Last summer, thousands of delegates — representing many more thousands of Republican voters across the state of Texas — gathered and selected their top eight most critical items for our Republican legislators to address in the 87th Legislative Session.
These top eight items were:
1. Election Integrity
2. Religious Freedom
3. Children and Gender Modification (banning child sex-change practices)
4. Abolition of Abortion
5. Constitutional Carry
6. Monument Protection
7. School Choice
8. Ban Taxpayer-Funded Lobbying
In this session, over 1,000 bills will be sent to the Governor, passed by our State Representatives and Senators. We had 11 bills that were sent to the Governor’s desk that pertained to the priorities. Our number one priority, Election Integrity, had one bill that fit the priority language, although there were a few other bills passed regarding the safeguarding of elections. Our big bill, SB 7, died when the Democrats walked out at the last minute, killing the bill. Keep in mind that this was an emergency priority of the Governor and could have been passed far earlier in the session.

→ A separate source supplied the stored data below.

(* Let $n\ge1$ and consider the SBCM with parameters $\gamma\ge0$, $\delta\ge0$ on the path graph $P_n$ with nodes $1,2,\ldots,n+2$ (edges $\{k,k+1\}$), where nodes $1$ and $n+2$ are zealots with opinions $-(n+1)/2$ and $(n+1)/2$ respectively, and nodes $2,\ldots,n+1$ are persuadable. Let $\bar{\mathbf{x}}$ be the harmonic state $\bar x_k=k-\frac{n+3}{2}$ (so adjacent nodes have opinions differing by exactly $1$), which is a steady state for every $\gamma$. Let $v=\omega(1)=\frac{1}{1+e^{\gamma-\gamma\delta}}$ and $g(\gamma)=2\gamma(1-v)-1$. Then $\bar{\mathbf{x}}$ is linearly stable if and only if $g(\gamma)<0$, and is linearly unstable if and only if $g(\gamma)>0$.
   Context: The SBCM on a graph with zealots $\mathcal{Z}$ and persuadable nodes $\mathcal{P}$: with $w(x_i,x_j)=\omega(|x_i-x_j|)=\frac{1}{1+e^{\gamma(x_i-x_j)^2-\gamma\delta}}$ for adjacent $i\sim j$ and $0$ otherwise, the dynamics are $\frac{dx_i}{dt}=f_i(\mathbf{x})=\frac{\sum_j w(x_i,x_j)(x_j-x_i)}{\sum_j w(x_i,x_j)}$ for $i\in\mathcal{P}$ and $\frac{dx_i}{dt}=0$ for zealots. A steady state is linearly stable if all eigenvalues of $\mathbf{J}_{\mathcal{P}}=(\partial f_i/\partial x_j)_{i,j\in\mathcal{P}}$ at it are strictly negative, and linearly unstable if $\mathbf{J}_{\mathcal{P}}$ has a strictly positive eigenvalue. *)

From HB Require Import structures.
From mathcomp Require Import all_boot all_order all_algebra.
From mathcomp Require Import all_classical all_reals all_analysis.
From mathcomp Require Import complex.
Set Implicit Arguments. Unset Strict Implicit. Unset Printing Implicit Defensive.
Import Order.TTheory GRing.Theory Num.Theory.
Local Open Scope ring_scope.

Section SBCM.
Variable R : realType.

Definition omega (gamma delta r : R) : R :=
  1 / (1 + expR (gamma * r ^+ 2 - gamma * delta)).

Definition sbcm_w (N : nat) (adj : rel 'I_N) (gamma delta : R)
  (x : 'I_N -> R) (i j : 'I_N) : R :=
  if adj i j then omega gamma delta `|x i - x j| else 0.

Definition sbcm_f (N : nat) (adj : rel 'I_N) (gamma delta : R)
  (x : 'I_N -> R) (i : 'I_N) : R :=
  (\sum_(j < N) sbcm_w adj gamma delta x i j * (x j - x i))
  / (\sum_(j < N) sbcm_w adj gamma delta x i j).

(* J_P: Jacobian restricted to the persuadable nodes, enumerated by
   pinj : 'I_m -> 'I_N; entry (i,j) = d f_{pinj i} / d x_{pinj j} at xs. *)
Definition sbcm_JP (N m : nat) (adj : rel 'I_N) (pinj : 'I_m -> 'I_N)
  (gamma delta : R) (xs : 'I_N -> R) : 'M[R]_m :=
  \matrix_(i < m, j < m)
    derive1 (fun t : R => sbcm_f adj gamma delta
        (fun k => if k == pinj j then t else xs k) (pinj i)) (xs (pinj j)).

(* eigenvalues are taken in the complex numbers *)
Definition cmx (m : nat) (A : 'M[R]_m) : 'M[complex.complex R]_m :=
  map_mx (fun r => complex.Complex r 0) A.

Definition linearly_stable (m : nat) (J : 'M[R]_m) : Prop :=
  forall lam : complex.complex R, eigenvalue (cmx J) lam -> lam < 0.

Definition linearly_unstable (m : nat) (J : 'M[R]_m) : Prop :=
  exists lam : complex.complex R, eigenvalue (cmx J) lam /\ 0 < lam.

(* Path graph on n+2 nodes; node k (1-based) is index k-1. *)
Definition path_adj (n : nat) : rel 'I_n.+2 :=
  fun i j => (i.+1 == j :> nat) || (j.+1 == i :> nat).

(* persuadable nodes 2..n+1 = indices 1..n *)
Definition path_pinj (n : nat) (i : 'I_n) : 'I_n.+2 :=
  lift ord0 (widen_ord (leqnSn n) i).

(* harmonic state: xbar_k = k - (n+3)/2 for node k = index+1 ;
   zealots get -(n+1)/2 and (n+1)/2 *)
Definition path_xbar (n : nat) (k : 'I_n.+2) : R :=
  (k.+1)%:R - (n.+3)%:R / 2.

Definition path_JP (n : nat) (gamma delta : R) : 'M[R]_n :=
  sbcm_JP (@path_adj n) (@path_pinj n) gamma delta (@path_xbar n).

End SBCM.

(* At the harmonic state every persuadable node sees its neighbours at
   relative opinions -1 and +1, so the numerator of f_i vanishes and only its
   derivative survives.  With pull u := omega(u) u one finds
   pull'(+-1) = -omega(1) g, hence J_P = (g/2) L, where L is the Dirichlet
   Laplacian tridiag(-1, 2, -1) of the path.  L is positive definite, since
   v L v^* = |v_0|^2 + sum_k |v_k - v_(k+1)|^2 with v_n = 0; testing the
   eigen-equation of J_P against the eigenvector therefore shows that every
   complex eigenvalue of J_P is g/2 times a positive real number. *)

From Pilot Require Import Defs.
From HB Require Import structures.
From mathcomp Require Import all_boot all_order all_algebra.
From mathcomp Require Import all_classical all_reals all_analysis.
From mathcomp Require Import complex.
From mathcomp Require Import ring zify.
Import Order.TTheory GRing.Theory Num.Theory.
Set Implicit Arguments. Unset Strict Implicit. Unset Printing Implicit Defensive.
Local Open Scope ring_scope.
Local Open Scope sesquilinear_scope.

Section ZeroExtension.
Variables (V : nmodType) (n : nat) (x : 'I_n -> V).

Definition zext (k : nat) : V := oapp x 0 (insub k).

Lemma zextE (i : 'I_n) : zext i = x i.
Proof. by rewrite /zext valK. Qed.

Lemma zext_out k : (n <= k)%N -> zext k = 0.
Proof. by move=> nk; rewrite /zext insubF // ltnNge nk. Qed.

End ZeroExtension.

Lemma zext_comp (V W : nmodType) n (f : {additive V -> W}) (x : 'I_n -> V) k :
  zext (f \o x) k = f (zext x k).
Proof. by rewrite /zext; case: insub => /= [i|]; rewrite ?raddf0. Qed.

Lemma sum_delta_mul (T : pzSemiRingType) n (x : 'I_n -> T) k :
  \sum_(i < n) (i == k :> nat)%:R * x i = zext x k.
Proof.
have [kn|nk] := ltnP k n; last first.
  rewrite zext_out // big1 // => i _; case: eqP => [ik|]; last by rewrite mul0r.
  by move: (ltn_ord i); rewrite ik ltnNge nk.
rewrite (bigD1 (Ordinal kn)) //= eqxx mul1r big1 ?addr0.
  by rewrite -[k]/(nat_of_ord (Ordinal kn)) zextE.
move=> i /negPf ik; case: eqP => [e|]; last by rewrite mul0r.
by move: ik; rewrite -val_eqE /= e eqxx.
Qed.

Definition path_laplacian (T : pzRingType) (n : nat) : 'M[T]_n :=
  \matrix_(i, j) ((i == j :> nat)%:R *+ 2 - (i == j.+1 :> nat)%:R
                  - (i.+1 == j :> nat)%:R).

Lemma map_path_laplacian (S T : pzRingType) (f : {rmorphism S -> T}) n :
  map_mx f (path_laplacian S n) = path_laplacian T n.
Proof. by apply/matrixP => i j; rewrite !mxE !rmorphB rmorphMn !rmorph_nat. Qed.

Definition posdefmx (C : numClosedFieldType) n (A : 'M[C]_n) :=
  forall v : 'rV_n, v != 0 -> 0 < (v *m A *m v ^t* ) 0 0.

Section PathLaplacianPosdef.
Variables (C : numClosedFieldType) (n : nat).

Lemma path_laplacian_form (v : 'rV[C]_n) (z := zext (v 0)) :
  (v *m path_laplacian C n *m v ^t* ) 0 0 =
  \sum_(k < n) (z k * (z k)^* *+ 2 - z k.+1 * (z k)^* - z k * (z k.+1)^* ).
Proof.
rewrite {}/z.
have conj_z k : zext (fun j => (v 0 j)^* ) k = (zext (v 0) k)^*.
  exact: (zext_comp Num.Def.conjC).
rewrite mxE (eq_bigr (fun j : 'I_n => \sum_(i < n)
   ((i == j :> nat)%:R * v 0 i * (v 0 j)^* *+ 2
    - (i == j.+1 :> nat)%:R * v 0 i * (v 0 j)^*
    - v 0 i * ((j == i.+1 :> nat)%:R * (v 0 j)^* )))); last first.
  move=> j _; rewrite !mxE mulr_suml; apply: eq_bigr => i _.
  by rewrite !mxE [(j == _ :> nat)]eq_sym mulrnAl; ring.
under eq_bigr do rewrite !sumrB.
rewrite !sumrB; congr (_ - _ - _).
- by apply: eq_bigr => j _; rewrite sumrMnl -mulr_suml sum_delta_mul zextE.
- by apply: eq_bigr => j _; rewrite -mulr_suml sum_delta_mul zextE.
- rewrite exchange_big; apply: eq_bigr => i _.
  by rewrite -mulr_sumr sum_delta_mul conj_z zextE.
Qed.

Lemma path_laplacian_sos (v : 'rV[C]_n) (z := zext (v 0)) :
  (v *m path_laplacian C n *m v ^t* ) 0 0 =
  z 0%N * (z 0%N)^* + \sum_(k < n) (z k - z k.+1) * (z k - z k.+1)^*.
Proof.
suff telescope m (x : nat -> C) :
    \sum_(k < m) (x k * (x k)^* *+ 2 - x k.+1 * (x k)^* - x k * (x k.+1)^* ) =
    x 0%N * (x 0%N)^* + \sum_(k < m) (x k - x k.+1) * (x k - x k.+1)^*
    - x m * (x m)^*.
  by rewrite path_laplacian_form telescope (zext_out _ (leqnn n)) mul0r subr0.
elim: m => [|m IHm]; first by rewrite !big_ord0; ring.
by rewrite !big_ord_recr /= IHm rmorphB /=; ring.
Qed.

Lemma path_laplacian_posdefmx : posdefmx (path_laplacian C n).
Proof.
move=> v v_neq0; rewrite path_laplacian_sos; set z := zext (v 0).
have sum_ge0 : 0 <= \sum_(k < n) (z k - z k.+1) * (z k - z k.+1)^*.
  by apply: sumr_ge0 => k _; rewrite mul_conjC_ge0.
rewrite lt_def addr_ge0 ?mul_conjC_ge0 // andbT.
apply: contra v_neq0; rewrite paddr_eq0 ?mul_conjC_ge0 //.
case/andP; rewrite mul_conjC_eq0 => /eqP z0 /eqP sum0.
have step := psumr_eq0P (fun k _ => mul_conjC_ge0 _) sum0.
have z_eq0 k : (k <= n)%N -> z k = 0.
  elim: k => [//|k IHk] kn.
  move/eqP: (step (Ordinal kn) isT); rewrite mul_conjC_eq0 subr_eq0 => /eqP <-.
  exact/IHk/ltnW.
by apply/eqP/rowP => i; rewrite mxE -zextE; apply/z_eq0/ltnW.
Qed.

End PathLaplacianPosdef.

Lemma eigenvalue_scale_posdefmx (C : numClosedFieldType) n (A : 'M[C]_n)
    (c lam : C) :
  posdefmx A -> eigenvalue (c *: A) lam -> exists2 s, 0 < s & lam = c * s.
Proof.
move=> A_pos /eigenvalueP[v vE v_neq0].
pose q := v *m A *m v ^t*; pose p := v *m v ^t*.
have p_gt0 : 0 < p 0 0 by rewrite -dotmxE dnorm_gt0.
have lamE : c * q 0 0 = lam * p 0 0.
  have /matrixP/(_ 0 0) := congr1 (mulmx^~ (v ^t* )) vE.
  by rewrite -scalemxAr -!scalemxAl !mxE.
exists (q 0 0 / p 0 0); first by rewrite divr_gt0 ?A_pos.
by rewrite mulrA lamE mulfK ?gt_eqF.
Qed.

Lemma linear_stability_scale_posdefmx (R : realType) n (J : 'M[R]_n)
    (A : 'M[R[i]]_n) (c : R) :
  (0 < n)%N -> posdefmx A -> cmx J = c%:C%C *: A ->
  (linearly_stable J <-> c < 0) /\ (linearly_unstable J <-> 0 < c).
Proof.
move=> n_gt0 A_pos JE.
have eig_sign lam :
    eigenvalue (cmx J) lam -> ((lam < 0) = (c < 0)) * ((0 < lam) = (0 < c)).
  rewrite JE => /(eigenvalue_scale_posdefmx A_pos)[s s_gt0 ->].
  by rewrite pmulr_llt0 // pmulr_lgt0 // -!ltcR.
have [lam0 eig0] := eigenvalue_closed (cmx J) n_gt0.
split; split.
- by move=> /(_ lam0 eig0); rewrite (eig_sign _ eig0).
- by move=> c_lt0 lam /eig_sign ->.
- by move=> [lam [/eig_sign ->]].
- by move=> c_gt0; exists lam0; rewrite (eig_sign _ eig0).
Qed.

Section Weight.
Variables (R : realType) (gamma delta : R).
Local Notation omega := (omega gamma delta).

Lemma omega_gt0 u : 0 < omega u.
Proof. by rewrite /Defs.omega divr_gt0 // addr_gt0 ?expR_gt0. Qed.

Lemma omegaN u : omega (- u) = omega u.
Proof. by rewrite /Defs.omega sqrrN. Qed.

Lemma omega_norm u : omega `|u| = omega u.
Proof. by rewrite /Defs.omega real_normK // num_real. Qed.

Lemma is_derive_omega (u : R) :
  is_derive u 1 omega (- (2 * gamma * u) * omega u * (1 - omega u)).
Proof.
rewrite /Defs.omega; set e := expR _.
have e1_neq0 : 1 + e != 0 by rewrite lt0r_neq0 // addr_gt0 ?expR_gt0.
apply: is_derive_eq; rewrite /GRing.scale /= -/e.
by field.
Qed.

#[local] Existing Instance is_derive_omega.

Definition pull u := omega u * u.

Lemma is_derive_pull (u : R) :
  is_derive u 1 pull (omega u * (1 - 2 * gamma * u ^+ 2 * (1 - omega u))).
Proof. by rewrite /pull; apply: is_derive_eq; rewrite /GRing.scale /=; ring. Qed.

#[local] Existing Instance is_derive_pull.

Lemma is_derive_local_drift (a b : R -> R) (t0 da db : R) :
  is_derive t0 1 a da -> is_derive t0 1 b db -> a t0 = -1 -> b t0 = 1 ->
  is_derive t0 1 (fun t => (pull (a t) + pull (b t)) / (omega (a t) + omega (b t)))
    (- (2 * gamma * (1 - omega 1) - 1) / 2 * (da + db)).
Proof.
move=> a' b' at0 bt0.
(* without it, the instance search for the derivative of the quotient diverges *)
have D_neq0 : omega (a t0) + omega (b t0) != 0.
  by rewrite lt0r_neq0 // addr_gt0 ?omega_gt0.
have N0 : pull (a t0) + pull (b t0) = 0.
  by rewrite /pull at0 bt0 omegaN mulrN1 mulr1 addNr.
apply: is_derive_eq; rewrite N0 scale0r add0r at0 bt0 omegaN /GRing.scale /=.
have := omega_gt0 1; set w := omega 1 => w_gt0.
by field; rewrite lt0r_neq0 ?addr_gt0.
Qed.

End Weight.

Section PathJacobian.
Variables (R : realType) (gamma delta : R) (n : nat).
Local Notation omega := (omega gamma delta).
Local Notation pull := (pull gamma delta).

Lemma val_path_pinj (i : 'I_n) : path_pinj i = i.+1 :> nat.
Proof. by []. Qed.

Lemma sum_path_adj (V : nmodType) (i : 'I_n) (F : 'I_n.+2 -> V) :
  \sum_(k < n.+2) (if path_adj (path_pinj i) k then F k else 0) =
  F (inord i) + F (inord i.+2).
Proof.
have i_lt := ltn_ord i.
have iE : (inord i : 'I_n.+2) = i :> nat by rewrite inordK //; lia.
have i2E : (inord i.+2 : 'I_n.+2) = i.+2 :> nat by rewrite inordK.
have adj_i : path_adj (path_pinj i) (inord i).
  by rewrite /path_adj val_path_pinj iE; lia.
have adj_i2 : path_adj (path_pinj i) (inord i.+2).
  by rewrite /path_adj val_path_pinj i2E; lia.
rewrite -big_mkcond (bigD1 (inord i)) // (bigD1 (inord i.+2)) /=; last first.
  by rewrite adj_i2 -val_eqE /= iE i2E; lia.
rewrite big1 ?addr0 // => k /andP[/andP[adj_k k_i] k_i2].
by move: adj_k k_i k_i2; rewrite /path_adj val_path_pinj -!val_eqE /= iE i2E; lia.
Qed.

Lemma sbcm_f_path (x : 'I_n.+2 -> R) (i : 'I_n) :
  let a := x (inord i) - x (path_pinj i) in
  let b := x (inord i.+2) - x (path_pinj i) in
  sbcm_f (@path_adj n) gamma delta x (path_pinj i) =
  (pull a + pull b) / (omega a + omega b).
Proof.
rewrite /sbcm_f /sbcm_w.
under eq_bigr do rewrite (fun_if (fun w => w * _)) mul0r distrC omega_norm.
by rewrite !sum_path_adj !(distrC (x (path_pinj i))) !omega_norm.
Qed.

Lemma is_derive_update_sub (y : 'I_n.+2 -> R) (p k l : 'I_n.+2) (t : R) :
  is_derive t 1 (fun s => (if k == p then s else y k) - (if l == p then s else y l))
    ((k == p)%:R - (l == p)%:R).
Proof. by case: (k == p); case: (l == p); apply: is_derive_eq => /=; ring. Qed.

Lemma path_xbar_sub (k l : 'I_n.+2) : path_xbar R k - path_xbar R l = k%:R - l%:R.
Proof. by rewrite /path_xbar; ring. Qed.

Lemma path_JP_laplacian :
  path_JP n gamma delta =
  ((2 * gamma * (1 - omega 1) - 1) / 2) *: path_laplacian R n.
Proof.
apply/matrixP => i j; rewrite !mxE derive1E.
set p := path_pinj j; set xt := fun t k => if k == p then t else path_xbar R k.
have xt0 k : xt (path_xbar R p) k = path_xbar R k.
  by rewrite /xt; case: eqP => [->|].
rewrite (funext (fun t => sbcm_f_path (xt t) i)) /=.
have i_lt := ltn_ord i.
have iE : (inord i : 'I_n.+2) = i :> nat by rewrite inordK //; lia.
have i2E : (inord i.+2 : 'I_n.+2) = i.+2 :> nat by rewrite inordK.
have a0 : xt (path_xbar R p) (inord i) - xt (path_xbar R p) (path_pinj i) = -1.
  by rewrite !xt0 path_xbar_sub iE val_path_pinj -natr1; ring.
have b0 : xt (path_xbar R p) (inord i.+2) - xt (path_xbar R p) (path_pinj i) = 1.
  by rewrite !xt0 path_xbar_sub i2E val_path_pinj -!natr1; ring.
rewrite (@derive_val _ _ _ _ _ _ _ (is_derive_local_drift gamma delta
  (is_derive_update_sub _ _ _ _ _) (is_derive_update_sub _ _ _ _ _) a0 b0)).
by rewrite /p -!val_eqE /= iE i2E /bump !add1n !eqSS; ring.
Qed.

End PathJacobian.

Theorem lemma3 (R : realType) (n : nat) (gamma delta : R) :
  (1 <= n)%N -> 0 <= gamma -> 0 <= delta ->
  let v := omega gamma delta 1 in
  let g := 2 * gamma * (1 - v) - 1 in
  (linearly_stable (path_JP n gamma delta) <-> g < 0) /\
  (linearly_unstable (path_JP n gamma delta) <-> 0 < g).
Proof.
move=> n_gt0 _ _ v g.
have JE : cmx (path_JP n gamma delta) = (g / 2)%:C%C *: path_laplacian R[i] n.
  by rewrite path_JP_laplacian -(map_path_laplacian (real_complex R)) -map_mxZ.
have := linear_stability_scale_posdefmx n_gt0 (@path_laplacian_posdefmx _ n) JE.
by rewrite pmulr_llt0 ?pmulr_lgt0 ?invr_gt0.
Qed.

We had 7 bills passed for Religious Freedom, although arguably many of these bills are redundant in regard to freedoms we already enjoy in our Texas and U.S. Constitutions.
We did not have any bills passed protecting freedoms of conscience for healthcare providers.
The most appalling failure was that of protecting children from so-called “sex changes,” by puberty blockers, cross-sex hormones, and sterilizing and mutilating surgery by medical butchers. That our legislators could not see fit to prevent this child abuse is beyond any rational understanding. Reps. Toth and Krause had good bills, as did Sens. Perry and Hall. These bills were slow walked by Reps. Klick, Burrows, Phelan, and the Calendars Committee. The Senate did a decent job getting bills heard and over to the House, and Rep. Slaton did his best to get amendments added to other bills to protect kids. A shell game was played as the House reps moved various bills around to eat up the time.
We had no true Abolition of Abortion bills passed, although we did pass a “Heartbeat Bill” and one known as the “trigger” bill, that bans abortion if Roe v. Wade is repealed. Again, arguably, abortion is not a right under the Constitution. If Texas actually agreed to follow it, we would not need this bill. However, if we can save babies’ lives then this bill will be a huge success.
The only bill that largely fulfilled one of our priorities, Constitutional Carry, was HB 1927. This bill, vigorously championed by Rep. Matt Schaeffer, will allow permitless carry by those over 21, with some exceptions. This is a big win by the grassroots who made thousands of calls and testified for hours. Rachel Malone, of Gunowners of America, led the fight, aided by many other grassroots groups and coalitions. It was wonderful to see so many rally around restoring a freedom guaranteed to us by the Second Amendment.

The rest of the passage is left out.